Source records
------------------------------
(* Let $A$ be a finite set with $q:=|A|\ge 2$ and $n\ge 2$. The alternating group $\mathrm{Alt}(A^n)$ is generated by the instructions that are even permutations of $A^n$, unless $q=2$ and $n\in\{2,3\}$.
   Context: Any $f\in\mathrm{Sym}(A^n)$ is written $f(x)=(f_1(x),\ldots,f_n(x))$ with coordinate functions $f_i:A^n\to A$; the $i$-th coordinate function is trivial if $f_i(x)=x_i$ for all $x$. An instruction is a permutation of $A^n$ with at most one nontrivial coordinate function (the identity counts as an instruction). (The paper phrases the conclusion as: $\mathrm{Alt}(A^n)$ is internally computable, meaning it is generated by $\mathrm{Alt}(A^n)\cap\mathcal{I}$, where $\mathcal{I}$ is the set of instructions.) *)

From mathcomp Require Import all_boot all_order all_fingroup all_solvable alt.
Set Implicit Arguments. Unset Strict Implicit. Unset Printing Implicit Defensive.

(* A^n is represented as the finite type {ffun 'I_n -> A}; for x in A^n,
   x j is the j-th coordinate and (f x) j is the coordinate function f_j. *)
Definition instruction (A : finType) (n : nat) (f : {perm {ffun 'I_n -> A}}) : bool :=
  [exists i : 'I_n, forall j : 'I_n, forall x : {ffun 'I_n -> A},
     (j != i) ==> (f x j == x j)].

From mathcomp Require Import all_boot all_order all_fingroup all_solvable alt.
From mathcomp Require Import zify.
Set Implicit Arguments. Unset Strict Implicit. Unset Printing Implicit Defensive.

(* Call transpositions (x y) and (u v) of A^n linked when (x y)(u v) lies in
   the group H generated by the even instructions.  Linkedness is an
   equivalence relation, and conjugating a linked pair by an element of H
   gives a linked pair.  Two transpositions along lines of the same direction
   are linked, their product being an even instruction.  Once, for any two
   directions i <> j, some i-edge is linked to some j-edge, all edges are
   linked, every transposition is linked to an edge (induction on the Hamming
   distance), and so every product of two transpositions, hence every even
   permutation, lies in H.  To link the directions, conjugate a linked pair of
   j-edges by an even i-instruction g moving one of their endpoints: a 3-cycle
   on an i-line when |A| > 2, and a product of two parallel i-edge
   transpositions when |A| = 2, which needs two spare coordinates, i.e. n > 3. *)

Local Open Scope group_scope.

Section InstructionGroup.

Variables (A : finType) (n : nat).

Local Notation cube := {ffun 'I_n -> A}.

Definition instr_group := <<[set f in Alt cube | instruction f]>>.

Definition linked (x y u v : cube) := tperm x y * tperm u v \in instr_group.

Definition agree_off (i : 'I_n) (x y : cube) := forall j, j != i -> x j = y j.

Definition set_coord (x : cube) (i : 'I_n) (v : A) : cube :=
  [ffun j => if j == i then v else x j].

Lemma set_coord_at x i v : set_coord x i v i = v.
Proof. by rewrite ffunE eqxx. Qed.

Lemma set_coord_off x i v j : j != i -> set_coord x i v j = x j.
Proof. by move=> ji; rewrite ffunE (negbTE ji). Qed.

Lemma agree_off_set_coord x i v : agree_off i x (set_coord x i v).
Proof. by move=> j ji; rewrite set_coord_off. Qed.

Lemma ffun_neq_at (x y : cube) j : x j != y j -> x != y.
Proof. by apply: contra => /eqP ->. Qed.

Lemma set_coord_neq (x : cube) i v : v != x i -> x != set_coord x i v.
Proof. by move=> vx; apply: (ffun_neq_at (j := i)); rewrite set_coord_at eq_sym. Qed.

Lemma ffun_neqP (x y : cube) : reflect (exists k, x k != y k) (x != y).
Proof.
apply: (iffP idP) => [xy | [k]]; last exact: ffun_neq_at.
apply/existsP; apply: contraR xy; rewrite negb_exists => /forallP eq_xy.
by apply/eqP/ffunP => j; apply/eqP; rewrite -[_ == _]negbK eq_xy.
Qed.

Lemma tperm_agree_off_coord i (x y w : cube) j :
  agree_off i x y -> j != i -> tperm x y w j = w j.
Proof. by move=> xy ji; case: tpermP => // ->; rewrite xy. Qed.

Lemma tperm_fix_off i j (x y z : cube) :
  agree_off i x y -> j != i -> z j != x j -> tperm x y z = z.
Proof.
move=> xy ji zx; apply: tpermD; first by apply: (ffun_neq_at (j := j)); rewrite eq_sym.
by apply: (ffun_neq_at (j := j)); rewrite -xy // eq_sym.
Qed.

Lemma linked_agree_off i (x y u v : cube) :
  x != y -> u != v -> agree_off i x y -> agree_off i u v -> linked x y u v.
Proof.
move=> xy uv ixy iuv; apply: mem_gen.
rewrite inE Alt_even odd_permM !odd_tperm xy uv /=.
apply/existsP; exists i; apply/forallP=> j; apply/forallP=> w; apply/implyP=> ji.
by rewrite permM (tperm_agree_off_coord _ iuv) // (tperm_agree_off_coord _ ixy).
Qed.

Lemma linked_sym (x y u v : cube) : linked x y u v -> linked u v x y.
Proof. by move/groupVr; rewrite invMg !tpermV. Qed.

Lemma linked_trans (x y u v w z : cube) :
  linked x y u v -> linked u v w z -> linked x y w z.
Proof.
move=> L1 L2; have := groupM L1 L2.
by rewrite -mulgA (mulgA (tperm u v)) tperm2 mul1g.
Qed.

Lemma linked_tpermC (x y u v : cube) : linked x y u v -> linked y x u v.
Proof. by rewrite /linked tpermC. Qed.

Lemma linked_conjg g (x y u v : cube) :
  g \in instr_group -> linked x y u v -> linked (g x) (g y) (g u) (g v).
Proof. by move=> Hg /groupJ /(_ Hg); rewrite conjMg !tpermJ. Qed.

(* (x y) is the conjugate of (x z) by (z y), so (x y)(u v) = Q P^-1 Q
   with P = (x z)(u v) and Q = (z y)(u v). *)
Lemma linked_path (x y z u v : cube) :
  x != z -> y != z -> x != y ->
  linked x z u v -> linked z y u v -> linked x y u v.
Proof.
move=> xz yz xy P Q; rewrite /linked.
have -> : tperm x y = tperm x z ^ tperm z y.
  by rewrite tpermJ tpermD ?tpermL // eq_sym.
have -> : tperm x z ^ tperm z y * tperm u v =
          tperm z y * tperm u v * (tperm x z * tperm u v)^-1 * (tperm z y * tperm u v).
  by rewrite /conjg invMg !mulgA mulgK !tpermV.
by rewrite groupM // groupM // groupV.
Qed.

Lemma linked_conj_step g (x y u v : cube) :
  g \in instr_group -> g y = y -> g u = u -> g v = v ->
  x != y -> g x != x -> linked x y u v -> linked x (g x) u v.
Proof.
move=> Hg gy gu gv xy gxx L.
have L' : linked (g x) y u v by have := linked_conjg Hg L; rewrite gy gu gv.
have gxy : g x != y by rewrite -gy (inj_eq perm_inj).
apply: linked_path (linked_tpermC L') => //; by rewrite eq_sym.
Qed.

Definition directions_linked := forall i j : 'I_n, i != j ->
  exists x y u v : cube,
    [/\ x != y, u != v, agree_off i x y, agree_off j u v & linked x y u v].

Hypothesis dirs : directions_linked.

Lemma linked_edges i j (x y u v : cube) :
  x != y -> u != v -> agree_off i x y -> agree_off j u v -> linked x y u v.
Proof.
move=> xy uv ixy juv; case: (eqVneq i j) ixy => [-> | ij] ixy.
  exact: linked_agree_off xy uv ixy juv.
have [x' [y' [u' [v' [xy' uv' ixy' juv' L]]]]] := dirs ij.
apply: linked_trans (linked_agree_off xy xy' ixy ixy') _.
exact: linked_trans L (linked_agree_off uv' uv juv' juv).
Qed.

Lemma linked_to_edge i (u v : cube) : u != v -> agree_off i u v ->
  forall x y : cube, x != y -> linked x y u v.
Proof.
move=> uv iuv x y; move: {2}#|_| (leqnn #|[pred j | x j != y j]|) => d.
elim: d x => [|d IH] x dxy xy; have /ffun_neqP[k xyk] := xy.
  by move: dxy; rewrite leqn0 => /eqP/card0_eq/(_ k); rewrite inE xyk.
set z := set_coord x k (y k).
have xz : x != z by apply: (ffun_neq_at (j := k)); rewrite set_coord_at.
have kxz : agree_off k x z by exact: agree_off_set_coord.
have Lxz : linked x z u v := linked_edges xz uv kxz iuv.
have [<-|zy] := eqVneq z y; first exact: Lxz.
apply: (linked_path xz _ xy Lxz); first by rewrite eq_sym.
apply: IH zy; rewrite -ltnS; apply: leq_trans dxy; apply: proper_card.
apply/properP; split; last by exists k; rewrite !inE // /z set_coord_at eqxx.
by apply/subsetP=> j; rewrite !inE /z ffunE; case: ifP => [/eqP ->|_]; rewrite ?eqxx.
Qed.

Lemma linked_all (x y u v : cube) : x != y -> u != v -> linked x y u v.
Proof.
move=> xy uv; have /ffun_neqP[k uvk] := uv; set w := set_coord u k (v k).
have uw : u != w by apply: (ffun_neq_at (j := k)); rewrite /w set_coord_at.
have kuw : agree_off k u w by exact: agree_off_set_coord.
apply: linked_trans (linked_to_edge uw kuw xy) _.
exact/linked_sym/(linked_to_edge uw kuw uv).
Qed.

Lemma prod_tperm_in (ts : seq (cube * cube)) : all dpair ts ->
  (~~ odd (size ts) -> \prod_(t <- ts) tperm t.1 t.2 \in instr_group) /\
  (odd (size ts) -> forall x y : cube, x != y ->
     tperm x y * \prod_(t <- ts) tperm t.1 t.2 \in instr_group).
Proof.
elim: ts => [|[a b] ts IH] /=; first by rewrite big_nil group1.
case/andP=> /= ab /IH[even_in odd_in]; rewrite big_cons /=; split.
  by rewrite negbK => /odd_in; apply.
by move=> /even_in ts_in x y xy; rewrite mulgA; apply: groupM ts_in; apply: linked_all.
Qed.

Lemma Alt_instr_group : Alt cube = instr_group.
Proof.
apply/eqP; rewrite eqEsubset gen_subG; apply/andP; split; last first.
  by apply/subsetP=> f; rewrite inE => /andP[].
apply/subsetP=> s; rewrite Alt_even; case: (prod_tpermP s) => ts -> dts.
by rewrite odd_perm_prod //; apply: (prod_tperm_in dts).1.
Qed.

End InstructionGroup.

Lemma exists_neq (T : finType) : 1 < #|T| -> forall t : T, exists w, w != t.
Proof.
case/card_gt1P=> x [y [_ _ xy]] t.
by have [<-|xt] := eqVneq x t; [exists y; rewrite eq_sym | exists x].
Qed.

Lemma exists_two_neq (T : finType) : 2 < #|T| -> forall t : T,
  exists w1 w2, [/\ w1 != t, w2 != t & w1 != w2].
Proof.
move=> hT t; have : 1 < #|predC1 t| by rewrite cardC1; lia.
by case/card_gt1P=> x [y [xt yt xy]]; exists x, y; split.
Qed.

Lemma exists_two_ord_off n : 3 < n -> forall i j : 'I_n, exists k l,
  [/\ k != i, k != j, l != i, l != j & k != l].
Proof.
move=> hn i j; have : 1 < #|~: [set i; j]|.
  by rewrite cardsCs setCK cards2 card_ord; case: (i != j); lia.
case/card_gt1P=> k [l []]; rewrite !inE !negb_or => /andP[ki kj] /andP[li lj] kl.
by exists k, l.
Qed.

Section DirectionsLinked.

Variables (A : finType) (n : nat).

Local Notation cube := {ffun 'I_n -> A}.

Lemma directions_linked_card_gt2 : 2 < #|A| -> directions_linked A n.
Proof.
move=> hA i j ij; have ji : j != i by rewrite eq_sym.
have [t _] := card_gt0P (ltnW (ltnW hA)); pose a : cube := [ffun=> t].
have [w1 [w2 [w1a w2a w12]]] := exists_two_neq hA (a i).
have [v1 [v2 [v1a v2a v12]]] := exists_two_neq hA (a j).
pose b := set_coord a i w1; pose c := set_coord a i w2.
pose a1 := set_coord a j v1; pose a2 := set_coord a1 j v2.
have ab : a != b by apply: set_coord_neq.
have ac : a != c by apply: set_coord_neq.
have aa1 : a != a1 by apply: set_coord_neq.
have a12 : a1 != a2 by apply: set_coord_neq; rewrite /a1 set_coord_at eq_sym.
have cb : c != b by apply: (ffun_neq_at (j := i)); rewrite /b /c !set_coord_at eq_sym.
have iab : agree_off i a b by exact: agree_off_set_coord.
have iac : agree_off i a c by exact: agree_off_set_coord.
pose g := tperm a b * tperm a c.
have gH : g \in instr_group A n by apply: linked_agree_off ab ac iab iac.
have g_fix (z : cube) : z j != a j -> g z = z.
  by move=> zj; rewrite permM !(tperm_fix_off _ ji zj).
have ga : g a = b by rewrite permM tpermL tpermD.
have L : linked a a1 a1 a2.
  by apply: (linked_agree_off (i := j)) aa1 a12 _ _; apply: agree_off_set_coord.
exists a, b, a1, a2; split=> //; try exact: agree_off_set_coord.
rewrite -ga; apply: linked_conj_step gH _ _ _ aa1 _ L; last by rewrite ga eq_sym.
all: by apply: g_fix; rewrite /a2 /a1 set_coord_at.
Qed.

(* The spare coordinate k separates the two i-edges of g = (a ai)(b bi), and
   l moves the second j-edge (u uj) off both of them, so that g fixes it. *)
Lemma directions_linked_dim_gt3 : 1 < #|A| -> 3 < n -> directions_linked A n.
Proof.
move=> hA hn i j ij; have ji : j != i by rewrite eq_sym.
have [k [l [ki kj li lj kl]]] := exists_two_ord_off hn i j.
have ik : i != k by rewrite eq_sym.
have jl : j != l by rewrite eq_sym.
have lk : l != k by rewrite eq_sym.
have jk : j != k by rewrite eq_sym.
have [t _] := card_gt0P (ltnW hA); pose a : cube := [ffun=> t].
have [wi wia] := exists_neq hA (a i); have [wj wja] := exists_neq hA (a j).
have [wk wka] := exists_neq hA (a k); have [wl wla] := exists_neq hA (a l).
pose ai := set_coord a i wi; pose aj := set_coord a j wj.
pose b := set_coord a k wk; pose bi := set_coord b i wi.
pose u := set_coord a l wl; pose uj := set_coord u j wj.
have aai : a != ai by apply: set_coord_neq.
have aaj : a != aj by apply: set_coord_neq.
have bbi : b != bi by apply: set_coord_neq; rewrite /b set_coord_off.
have uuj : u != uj by apply: set_coord_neq; rewrite /u set_coord_off.
have iaai : agree_off i a ai by exact: agree_off_set_coord.
have ibbi : agree_off i b bi by exact: agree_off_set_coord.
pose g := tperm a ai * tperm b bi.
have gH : g \in instr_group A n by apply: linked_agree_off aai bbi iaai ibbi.
have g_fix (z : cube) m : m != i -> m != k -> z m != a m -> g z = z.
  move=> mi mk zm; rewrite permM (tperm_fix_off iaai mi zm).
  by rewrite (tperm_fix_off ibbi mi) // /b set_coord_off.
have ga : g a = ai.
  by rewrite permM tpermL (tperm_fix_off ibbi ki) // /ai /b set_coord_off // set_coord_at eq_sym.
have L : linked a aj u uj.
  by apply: (linked_agree_off (i := j)) aaj uuj _ _; apply: agree_off_set_coord.
exists a, ai, u, uj; split=> //; try exact: agree_off_set_coord.
rewrite -ga; apply: linked_conj_step gH _ _ _ aaj _ L; last by rewrite ga eq_sym.
- by apply: (g_fix _ j); rewrite // /aj set_coord_at.
- by apply: (g_fix _ l); rewrite // /u set_coord_at.
by apply: (g_fix _ l); rewrite // /uj /u set_coord_off // set_coord_at.
Qed.

End DirectionsLinked.

Theorem proposition2 (A : finType) (n : nat) :
  2 <= #|A| -> 2 <= n -> ~ (#|A| = 2 /\ (n = 2 \/ n = 3)) ->
  Alt {ffun 'I_n -> A} =
  <<[set f in Alt {ffun 'I_n -> A} | instruction f]>>%g.
Proof.
move=> A_ge2 n_ge2 not_exceptional; apply: Alt_instr_group.
have [A_gt2 | A_le2] := ltnP 2 #|A|; first exact: directions_linked_card_gt2.
have n_gt3 : 3 < n.
  rewrite ltnNge; apply/negP => n_le3; apply: not_exceptional.
  split; first by apply/eqP; rewrite eqn_leq A_le2 A_ge2.
  by move: n_ge2 n_le3; case: n => [|[|[|[|m]]]] // _ _; [left | right].
exact: directions_linked_dim_gt3.
Qed.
------------------------------
Write down exactly the span of lines above from the one containing "(odd (size ts)" to the one containing "have a12 : a1", both ends included.

* REPLY TO THE EXERCISE:
  (odd (size ts) -> forall x y : cube, x != y ->
     tperm x y * \prod_(t <- ts) tperm t.1 t.2 \in instr_group).
Proof.
elim: ts => [|[a b] ts IH] /=; first by rewrite big_nil group1.
case/andP=> /= ab /IH[even_in odd_in]; rewrite big_cons /=; split.
  by rewrite negbK => /odd_in; apply.
by move=> /even_in ts_in x y xy; rewrite mulgA; apply: groupM ts_in; apply: linked_all.
Qed.

Lemma Alt_instr_group : Alt cube = instr_group.
Proof.
apply/eqP; rewrite eqEsubset gen_subG; apply/andP; split; last first.
  by apply/subsetP=> f; rewrite inE => /andP[].
apply/subsetP=> s; rewrite Alt_even; case: (prod_tpermP s) => ts -> dts.
by rewrite odd_perm_prod //; apply: (prod_tperm_in dts).1.
Qed.

End InstructionGroup.

Lemma exists_neq (T : finType) : 1 < #|T| -> forall t : T, exists w, w != t.
Proof.
case/card_gt1P=> x [y [_ _ xy]] t.
by have [<-|xt] := eqVneq x t; [exists y; rewrite eq_sym | exists x].
Qed.

Lemma exists_two_neq (T : finType) : 2 < #|T| -> forall t : T,
  exists w1 w2, [/\ w1 != t, w2 != t & w1 != w2].
Proof.
move=> hT t; have : 1 < #|predC1 t| by rewrite cardC1; lia.
by case/card_gt1P=> x [y [xt yt xy]]; exists x, y; split.
Qed.

Lemma exists_two_ord_off n : 3 < n -> forall i j : 'I_n, exists k l,
  [/\ k != i, k != j, l != i, l != j & k != l].
Proof.
move=> hn i j; have : 1 < #|~: [set i; j]|.
  by rewrite cardsCs setCK cards2 card_ord; case: (i != j); lia.
case/card_gt1P=> k [l []]; rewrite !inE !negb_or => /andP[ki kj] /andP[li lj] kl.
by exists k, l.
Qed.

Section DirectionsLinked.

Variables (A : finType) (n : nat).

Local Notation cube := {ffun 'I_n -> A}.

Lemma directions_linked_card_gt2 : 2 < #|A| -> directions_linked A n.
Proof.
move=> hA i j ij; have ji : j != i by rewrite eq_sym.
have [t _] := card_gt0P (ltnW (ltnW hA)); pose a : cube := [ffun=> t].
have [w1 [w2 [w1a w2a w12]]] := exists_two_neq hA (a i).
have [v1 [v2 [v1a v2a v12]]] := exists_two_neq hA (a j).
pose b := set_coord a i w1; pose c := set_coord a i w2.
pose a1 := set_coord a j v1; pose a2 := set_coord a1 j v2.
have ab : a != b by apply: set_coord_neq.
have ac : a != c by apply: set_coord_neq.
have aa1 : a != a1 by apply: set_coord_neq.
have a12 : a1 != a2 by apply: set_coord_neq; rewrite /a1 set_coord_at eq_sym.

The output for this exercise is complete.